We also showed the effects of myxinidin2 and myxinidin3 on phosphorylation of p38 and JNK in the MAPK signaling pathway, which controls cytokine production and secretion during the inflammatory responses. Activation of MAPKs stimulates transcription factors in the cytoplasm and nucleus to induce the expression of target genes related to innate immunological responses. Infections caused by antibiotic-resistant bacteria induced p38 and JNK activation, but myxinidin2 and myxinidin3 suppressed phosphorylation of p38 and JNK, thereby suppressing production of IL-6, IL-8, and TNF-α [41]. The major regulatory transcription factor NF-κB modulates the expression of numerous cytokines, chemokines, adhesion molecules, and granulopoiesis factors, which support host immune function against bacteria [42, 43]. Our findings showed that myxinidin2 and myxinidin3 prevented NF-κB nuclear translocation otherwise induced by pathogen infection. The identification of myxinidin2 and myxinidin3 as mediators that suppress inflammatory responses in wounded skin provides a better understanding of the wound healing process.

We found that myxinidin2 and myxinidin3 promote the re-epithelialization of surrogate scratch wounds by primary NHKs in vitro. Infected cells did not exhibit cell migration; however, infected cells treated with the peptides, especially myxinidin3, exhibited robust cell migration. To migrate and proliferate, keratinocytes require activation of EGFR [44]. Keratinocytes infected with drug-resistant bacteria had higher levels of p-EGFR than healthy keratinocytes, which halts cell reproduction and growth. In addition, infected cells treated with myxinidin2 or myxinidin3 showed greater expression of EGFR than infected cells [45].
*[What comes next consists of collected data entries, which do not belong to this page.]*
Lemma normal_in_sub W Y V : normal_in W V -> subgroup Y -> subset W Y -> subset Y V ->
  normal_in W Y.
Proof. intros (h1 & _ & h3) hY hWY hYV. split; [|split]; auto. Qed.

Lemma finite_index_fitting_inter X W : subgroup X -> op X -> subgroup W ->
  finite_index X W -> finite_index (fitting X) (inter (fitting X) W).
Proof.
  intros hX hXo hW hfi. apply (finite_index_restrict X W); auto using fitting_subgroup.
  now apply fitting_sub.
Qed.

Lemma commensurate_fitting U V :
  subgroup U -> op U -> compact U -> subgroup V -> op V -> compact V ->
  commensurate mul (fitting U) (fitting V).
Proof.
  intros hU hUo hUc hV hVo hVc.
  destruct (normal_open_subgroup U (inter U V)) as (W1 & hW1 & hW1o & hW1UV);
    auto using subgroup_inter, open_setI, subset_interl.
  pose proof hW1 as (hW1s & hW1U & _).
  destruct (normal_open_subgroup V W1) as (W2 & hW2 & hW2o & hW21); auto.
  { intros x hx. now apply hW1UV. }
  pose proof hW2 as (hW2s & hW2V & _).
  assert (hW2W1 : normal_in W2 W1) by (apply (normal_in_sub W2 W1 V); auto; intros x hx;
    now apply hW1UV).
  assert (fiUW1 : finite_index U W1) by now apply compact_finite_index.
  assert (fiVW2 : finite_index V W2) by now apply compact_finite_index.
  assert (fiUW2 : finite_index U W2) by now apply compact_finite_index.
  assert (fiW1W2 : finite_index W1 W2).
  { apply (finite_index_super W1 (inter W1 W2)); [|apply subset_interr].
    apply (finite_index_restrict V W2 W1); auto. intros x hx. now apply hW1UV. }
  pose proof (fitting_inter_normal_open U W1 hU hUo hW1s hW1o hW1 fiUW1) as hUW1.
  pose proof (fitting_inter_normal_open W1 W2 hW1s hW1o hW2s hW2o hW2W1 fiW1W2) as hW1W2.
  pose proof (fitting_inter_normal_open V W2 hV hVo hW2s hW2o hW2 fiVW2) as hVW2.
  pose proof (fitting_normal_open_sub U W1 hU hUo hW1 fiUW1) as hW1U'.
  pose proof (fitting_normal_open_sub W1 W2 hW1s hW1o hW2W1 fiW1W2) as hW2W1'.
  pose proof (fitting_normal_open_sub V W2 hV hVo hW2 fiVW2) as hW2V'.
  split.
  - apply (finite_index_super _ (inter (fitting U) W2));
      [now apply finite_index_fitting_inter|].
    intros x [hx hxW]. split; auto. apply hW2V', hW1W2. split; auto.
    apply hUW1. split; auto.
  - apply (finite_index_super _ (inter (fitting V) W2));
      [now apply finite_index_fitting_inter|].
    intros x [hx hxW]. split; auto. apply hW1U', hW2W1', hVW2. split; auto.
Qed.
Let HA : H *m A = E.
Proof.
rewrite mulmxDl !mulmxBr pid_mx_idem ones_block_pid -!scalemxAr pid_ones_block.
by rewrite ones_block_mul // scalerA c_r scalerBl scale1r subKr subrK.
Qed.

Let EA : E *m A = A.
Proof. by rewrite mulmxBr pid_mx_idem -scalemxAr pid_ones_block. Qed.

Let H_supp i j : (H i j != 0) = (i < r)%N && (j < r)%N.
Proof.
rewrite !mxE -natrD pnatr_eq0 addn_eq0 !eqb0 negb_and !negbK.
by case: eqP => [/val_inj <-|_]; rewrite ?andbb ?orbb.
Qed.

Lemma feas_gen_bound_attained :
  exists A : 'M[R]_n, A^T = A /\ \rank A = r /\
    exists P, extreme_point (feas_gen A) P /\ nnz (P.1 - P.2) = (r ^ 2)%N.
Proof.
exists A; split; first by rewrite linearB /= tr_pid_mx linearZ /= tr_ones_block.
split; first exact: mxrank_eq_pid EA AH.
exists (H, 0); split; last first.
  rewrite /nnz subr0 -(card_ord_lt le_rn) -mulnn -cardsX; apply: eq_card => -[i j].
  by rewrite !inE H_supp.
apply: extreme_point_of_unique_support.
- by move=> P [_ P_ge0].
- split; first by rewrite subr0 AH EA.
  by split=> i j; rewrite !mxE ?addr_ge0 ?ler0n.
move=> Y [AYA _] Y_supp; rewrite subr0 in AYA.
apply: (inner_inverse_unique AH HA) => //.
  by rewrite mulmxDr pid_mx_idem pid_ones_block.
by apply: pid_mx_conj_id => i j /(contra_neq (Y_supp i j)); rewrite H_supp.
Qed.

End OnesBlockExample.

Lemma sum_indicator_mull (R : pzSemiRingType) (I : finType) (k : I) (F : I -> R) :
  \sum_a (a == k)%:R * F a = F k.
Proof. by rewrite (bigD1 k) //= eqxx mul1r big1 ?addr0 // => a /negPf->; rewrite mul0r. Qed.

Lemma sum_indicator_mulr (R : pzSemiRingType) (I : finType) (k : I) (F : I -> R) :
  \sum_a F a * (a == k)%:R = F k.
Proof. by rewrite (bigD1 k) //= eqxx mulr1 big1 ?addr0 // => a /negPf->; rewrite mulr0. Qed.

Section Cone.
Variables (R : comPzRingType) (n r : nat) (v : 'I_n).

Definition cone_mx : 'M[R]_n :=
  \matrix_(a, k) (((a == k)%:R + (a == v)%:R) * (k < r)%N%:R).

Lemma mulmx_coneE (M : 'M[R]_n) a l : (M *m cone_mx) a l = (M a l + M a v) * (l < r)%N%:R.
Proof.
rewrite mxE; under eq_bigr do rewrite mxE mulrA mulrDr.
by rewrite -big_distrl big_split /= !sum_indicator_mulr.
Qed.

Lemma tr_cone_mulmxE (M : 'M[R]_n) k b : (cone_mx^T *m M) k b = (k < r)%N%:R * (M k b + M v b).
Proof.
rewrite mxE; under eq_bigr do rewrite !mxE mulrAC mulrDl.
by rewrite -big_distrl big_split /= !sum_indicator_mull mulrC.
Qed.

Lemma cone_conjE (Y : 'M[R]_n) k l :
  (cone_mx^T *m Y *m cone_mx) k l =
  (k < r)%N%:R * (l < r)%N%:R * (Y k l + Y k v + Y v l + Y v v).
Proof. by rewrite mulmx_coneE !tr_cone_mulmxE; ring. Qed.

Lemma cone_pid : cone_mx *m pid_mx r = cone_mx.
Proof. by apply/matrixP => a k; rewrite mulmx_pidE !mxE -mulrA -natrM mulnb andbb. Qed.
To study the effects of myxinidin2 and myxinidin3 on infected wound healing in a mouse model, we created wounds using a biopsy punch, which we then infected with multidrug-resistant bacteria [46]. In this mouse skin wound model, both myxinidin2 and myxinidin3 inhibited the resistant bacteria and enhanced wound healing [47]. Moreover, histological examination showed that these peptides prevented skin necrosis and reduced inflammatory cell infiltration seen 12 days post-infection. The peptide-treated wounds showed significantly better epithelization than the untreated infected skin tissues. Given the potential applications for treatment of systemic infections, myxinidin2 and myxinidin3 may be of great use in the future.



Gelatin from bovine skin and 3(4,5-dimethylthiazol-2-yl)-2,5-diphenyltetrazolium bromide (MTT) were purchased from Sigma-Aldrich (St. Louis, MO, USA). Hoechst 33342 was from Molecular Probes by Life Technologies (Waltham, MA, USA). IL-6, IL-8, and TNF-α ELISA kits were from R&D systems, Inc., (Minneapolis, MN, USA). Rabbit anti-phosphorylated STAT3 (p-STAT3) polyclonal antibody (cat. no. 4113) was from Cell Signaling Technology, Inc., (Danvers, MA, USA).

Ethics statement

This study conformed to the ethical standards of the Institutional Ethics Committee of Chosun University, and the protocol was approved by the Institutional Ethics Committee of Chosun University. All mouse experiments were carried out in strict accordance with the National Institutes of Health Guidelines for the Ethical Treatment of Animals and the guidelines of the Center for Experimental Animals of Chosun University for Medical Science (Permit Number: CIACUC2016-A0011).

Preparation of peptides

The synthetic AMPs myxinidin2 and myxinidin3 were synthesized as described previously [16]. After filtration through a 0.22-μm pore filter, myxinidin2 (KIKWILKYWKWS-NH2) and myxinidin3 (RIRWILRY WRWS-NH2) were prepared at a concentration of 1 mM in sterilized distilled water. These stock solutions were diluted in buffer, as needed.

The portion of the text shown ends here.